One big problem faced by electrodes in rechargeable batteries, as they go through repeated cycles of charging and discharging, is that they must expand and shrink during each cycle – sometimes doubling in volume, and then shrinking back. This can lead to repeated shedding and reformation of its “skin” layer that consumes lithium irreversibly, degrading the battery’s performance over time.
Team of researchers at MIT and Tsinghua University in China has found a novel way around that problem: creating an electrode made of nanoparticles with a solid shell, and a “yolk” inside that can change size again and again without affecting the shell. The innovation could drastically improve cycle life, the team says, and provide a dramatic boost in the battery’s capacity and power.
Researchers at the Massachusetts Institute of Technology and Tsinghua University in Beijing found that the metal could expand and shrink freely by encasing the aluminium inside a shell. The battery has four times the capacity of current lithium-ion batteries and degrades less over time. It uses nanoparticles with a shell of titanium dioxide wrapped around aluminium, which acts as the battery’s negative electrode.

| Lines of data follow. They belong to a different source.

Lemma reduct_iff_intro {X Y : A -> bool} {F G : formula A} :
  sat X (FIff F G) = true -> sat Y (reduct X F) = sat Y (reduct X G) ->
  sat Y (reduct X (FIff F G)) = true.
Proof.
  unfold FIff; intros HX HE; simpl in HX |- *; rewrite HX; simpl.
  apply andb_true_iff in HX as [H1 H2]; rewrite H1, H2; simpl.
  rewrite HE; destruct (sat Y (reduct X G)); reflexivity.
Qed.

Lemma sat_th_reduct (X Y : A -> bool) (T : theory A) :
  sat_th Y (reduct_th X T) <-> forall G, T G -> sat Y (reduct X G) = true.
Proof.
  unfold sat_th, reduct_th; split.
  - intros H G HG; apply H; eauto.
  - intros H F [G [HG ->]]; auto.
Qed.

Lemma sat_th_reduct_self (X : A -> bool) (T : theory A) :
  sat_th X (reduct_th X T) <-> sat_th X T.
Proof.
  rewrite sat_th_reduct; unfold sat_th; split; intros H G HG;
    [rewrite <- reduct_self | rewrite reduct_self]; auto.
Qed.

Lemma stable_model_sat {T : theory A} {X : A -> bool} :
  stable_model T X -> sat_th X T.
Proof. intros [H _]; apply sat_th_reduct_self, H. Qed.

End Reduct.

Section Polarity.
Context {A : Type} {Q : A -> Prop}.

The research overcomes previous problems experienced using aluminium in rechargeable lithium-ion batteries. The result is an electrode that gives more than three times the capacity of graphite (1.2 Ah/g) at a normal charging rate, Li says. At very fast charging rates (six minutes to full charge), the capacity is still 0.66 Ah/g after 500 cycles. The materials are inexpensive, and the manufacturing method could be simple and easily scalable, MIT professor Ju Li says.
The study was published in the journal Nature Communications. The research team included Sa Li, Yu Cheng Zhao, and Chang An Wang of Tsinghua University in Beijing and Junjie Niu, Kangpyo So, and Chao Wang of MIT. The work was supported by the National Science Foundation and the National Natural Science Foundation of China.